How to compute the cosine similarity for different architectures?

facebookresearch / radioactive_data

This technique modifies image data so that any model trained on it will bear an identifiable mark.

Other

38 stars 9 forks source link

How to compute the cosine similarity for different architectures? #6

Closed zzzucf closed 2 years ago

zzzucf commented 2 years ago

Hi, from the Section 5.4, Architecture transfer in the original paper, Table 3 was presented with results from different architectures. However, ResNet-50, Densenet-121, and VGG 16 have different feature size as 2048, 1024, 4096, respectively, how did you compute the cosine similarity when the features' size are different? And why we need p-value instead of the angle from cosine? Shouldn't the degree of angle be more direct?

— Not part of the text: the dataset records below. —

Definition BA1 : sclass := fun A F =>
  (exists a, F a) /\ upset F /\ (forall x y : A, F x -> F y -> F (bmeet x y)).

(* The algebra 2^2 x 2, carrier (bool*bool)*bool, componentwise operations *)
Definition c8 := ((bool * bool) * bool)%type.
Definition j8 (x y : c8) : c8 :=
  let '((a,b),c) := x in let '((a',b'),c') := y in ((orb a a', orb b b'), orb c c').
Definition m8 (x y : c8) : c8 :=
  let '((a,b),c) := x in let '((a',b'),c') := y in ((andb a a', andb b b'), andb c c').
Definition n8 (x : c8) : c8 := let '((a,b),c) := x in ((negb a, negb b), negb c).
Definition bot8 : c8 := ((false,false),false).
Definition top8 : c8 := ((true,true),true).
Ltac b8 := intros; repeat match goal with x : c8 |- _ => destruct x as [[? ?] ?] end;
  simpl; repeat match goal with b : bool |- _ => destruct b end; reflexivity.
Lemma e1 x y : j8 x y = j8 y x. Proof. b8. Qed.
Lemma e2 x y : m8 x y = m8 y x. Proof. b8. Qed.
Lemma e3 x y z : j8 x (j8 y z) = j8 (j8 x y) z. Proof. b8. Qed.
Lemma e4 x y z : m8 x (m8 y z) = m8 (m8 x y) z. Proof. b8. Qed.
Lemma e5 x y : j8 x (m8 x y) = x. Proof. b8. Qed.
Lemma e6 x y : m8 x (j8 x y) = x. Proof. b8. Qed.
Lemma e7 x y z : m8 x (j8 y z) = j8 (m8 x y) (m8 x z). Proof. b8. Qed.
Lemma e8 x : j8 x bot8 = x. Proof. b8. Qed.
Lemma e9 x : m8 x top8 = x. Proof. b8. Qed.
Lemma e10 x : m8 x (n8 x) = bot8. Proof. b8. Qed.
Lemma e11 x : j8 x (n8 x) = top8. Proof. b8. Qed.
Definition BA2_2x2 : BA :=
  MkBA c8 j8 m8 n8 bot8 top8 e1 e2 e3 e4 e5 e6 e7 e8 e9 e10 e11.

Definition P2x1 (x : BA2_2x2) : Prop :=
  let '((a,b),c) := (x : c8) in (orb a b = true) /\ c = true.

(* A non-trivial class [K] inside [BA_inf] contains [<2, {1}>]: take the subalgebra
   [{0, 1}] of a member whose filter is proper.  By the prime filter theorem, a filter
   [F] of [A] is the strict preimage of [{1}^I] along the homomorphism [A -> 2^I]
   collecting the ultrafilters that extend [F]; so [K] contains all of [BA_1].  As
   [K <> BA_1], some [<A, F>] in [K] has [F] an upset with [x, y] in [F] and [x /\ y]
   not in [F].  The partitions of unity [x /\ ~y, ~x, x /\ y] and [0, 0, 1] yield a
   homomorphism [2^2 x 2 -> A x A] along which the strict preimage of [F x F] is
   [P_2 x {1}].  Strict preimages along arbitrary homomorphisms stay in [K], by
   factoring through the image. *)
From Stdlib Require Import Classical ClassicalEpsilon FunctionalExtensionality ProofIrrelevance Bool.
From mathcomp Require classical_sets.

Arguments joinC {b}. Arguments meetC {b}. Arguments joinA {b}. Arguments meetA {b}.
Arguments absorbJM {b}. Arguments absorbMJ {b}. Arguments distrMJ {b}.
Arguments join0 {b}. Arguments meet1 {b}. Arguments complM {b}. Arguments complJ {b}.

Section Lattice.
Variable A : BA.
Implicit Types x y z : A.

Lemma meet_idem x : bmeet x x = x.
Proof. rewrite <- (absorbJM x x) at 2. apply absorbMJ. Qed.

Lemma meet_bot x : bmeet x bbot = bbot.
Proof. rewrite <- (complM x), meetA, meet_idem. reflexivity. Qed.

Lemma ble_refl x : ble x x.
Proof. apply meet_idem. Qed.

Lemma ble_trans x y z : ble x y -> ble y z -> ble x z.
Proof. unfold ble; intros Hxy Hyz. rewrite <- Hxy, <- meetA, Hyz. reflexivity. Qed.

Lemma ble_antisym x y : ble x y -> ble y x -> x = y.
Proof. unfold ble; intros Hxy Hyx. rewrite <- Hxy, meetC. exact Hyx. Qed.

Lemma ble_top x : ble x btop.
Proof. apply meet1. Qed.

Lemma ble_bot x : ble bbot x.
Proof. unfold ble. rewrite meetC. apply meet_bot. Qed.

Lemma ble_meetl x y : ble (bmeet x y) x.
Proof. unfold ble. rewrite (meetC (bmeet x y) x), meetA, meet_idem. reflexivity. Qed.

Lemma ble_meetr x y : ble (bmeet x y) y.
Proof. unfold ble. rewrite <- meetA, meet_idem. reflexivity. Qed.

Lemma ble_meet x y z : ble x y -> ble x z -> ble x (bmeet y z).
Proof. unfold ble; intros Hxy Hxz. rewrite meetA, Hxy, Hxz. reflexivity. Qed.

Lemma ble_meet_mono x x' y y' : ble x x' -> ble y y' -> ble (bmeet x y) (bmeet x' y').
Proof.
  intros Hx Hy. apply ble_meet.
  - eapply ble_trans; [apply ble_meetl | exact Hx].
  - eapply ble_trans; [apply ble_meetr | exact Hy].
Qed.

Lemma ble_joinl x y : ble x (bjoin x y).
Proof. apply absorbMJ. Qed.

Lemma ble_joinr x y : ble y (bjoin x y).
Proof. unfold ble. rewrite joinC. apply absorbMJ. Qed.

Lemma join_ble x y z : ble x z -> ble y z -> ble (bjoin x y) z.
Proof.
  unfold ble; intros Hxz Hyz.
  rewrite meetC, distrMJ, (meetC z x), (meetC z y), Hxz, Hyz. reflexivity.
Qed.

Lemma join_meet_compl x y : bjoin (bmeet x y) (bmeet x (bcompl y)) = x.
Proof. rewrite <- distrMJ, complJ, meet1. reflexivity. Qed.

Lemma ble_compl_join x y : ble (bmeet (bcompl x) (bjoin x y)) y.
Proof. rewrite distrMJ, (meetC _ x), complM, joinC, join0. apply ble_meetr. Qed.

End Lattice.

Definition BA2 : BA.
Proof.
  refine (MkBA bool orb andb negb false true _ _ _ _ _ _ _ _ _ _ _);
    intros; repeat match goal with b : bool |- _ => destruct b end; reflexivity.
Defined.

Definition meet_closed {A : BA} (F : A -> Prop) : Prop :=
  forall x y, F x -> F y -> F (bmeet x y).

Definition is_filter {A : BA} (F : A -> Prop) : Prop :=
  F btop /\ upset F /\ meet_closed F.

Lemma BA1_is_filter (A : BA) (F : A -> Prop) : BA1 A F -> is_filter F.
Proof.
  intros [[z Fz] [Fup Fmeet]]. split; [|split]; auto.
  apply (Fup z); [exact Fz | apply ble_top].
Qed.

Lemma principal_filter (A : BA) (u : A) : is_filter (ble u).
Proof.
  split; [|split].
  - apply ble_top.
  - intros x y; apply ble_trans.
  - intros x y; apply ble_meet.
Qed.

Section PrimeFilter.
Variables (A : BA) (M : A -> Prop).
Hypotheses (Mfilter : is_filter M) (Mbot : ~ M bbot)
  (Mprime : forall b, M b \/ M (bcompl b)).

Definition indicator (z : A) : BA2 :=
  if excluded_middle_informative (M z) then true else false.

Lemma indicator_true z : indicator z = true <-> M z.
Proof. unfold indicator; destruct excluded_middle_informative; intuition discriminate. Qed.

Lemma indicator_hom : is_hom indicator.
Proof.
  destruct Mfilter as [Mtop [Mup Mmeet]].
  split; [|split; [|split; [|split]]]; intros; apply eq_true_iff_eq; simpl.
  - rewrite orb_true_iff, !indicator_true. split.
    + intro Muv. destruct (Mprime x) as [Mx|Mcx]; [left; exact Mx | right].
      apply (Mup _ _ (Mmeet _ _ Mcx Muv)), ble_compl_join.
    + intros [Mx|My]; eapply Mup; eauto using ble_joinl, ble_joinr.
  - rewrite andb_true_iff, !indicator_true. split.
    + intro Mxy; split; eapply Mup; eauto using ble_meetl, ble_meetr.
    + intros [Mx My]; auto.
  - rewrite negb_true_iff, indicator_true, <- not_true_iff_false, indicator_true.
    split.
    + intros Mcx Mx. apply Mbot. rewrite <- (complM x). auto.
    + intro Mx. destruct (Mprime x); tauto.
  - rewrite indicator_true. intuition discriminate.
  - rewrite indicator_true. intuition.
Qed.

alexandresablayrolles commented 2 years ago

Great question! In these cases, since you do alignment of the features, you would first learn an alignment matrix that maps from e.g. 2048 to 512, apply this alignment to the classifier vectors, and then compute the cosine similarity in the 512 dimensional space.

zzzucf commented 2 years ago

I think of what you proposed before and what concerns me the most is that the transformation M would not have unique solution since it is not dxd anymore (dxd', d>>d'). In that case, there exists multiple transformations which might represent completely different directions to transform the classifier. So how can you explain the radioactive would still work when there exists multiple transformed classifier WMs?

alexandresablayrolles commented 2 years ago

Given that it's in the "good" direction (i.e. reducing from d'>d to d), I don't expect this to be a problem.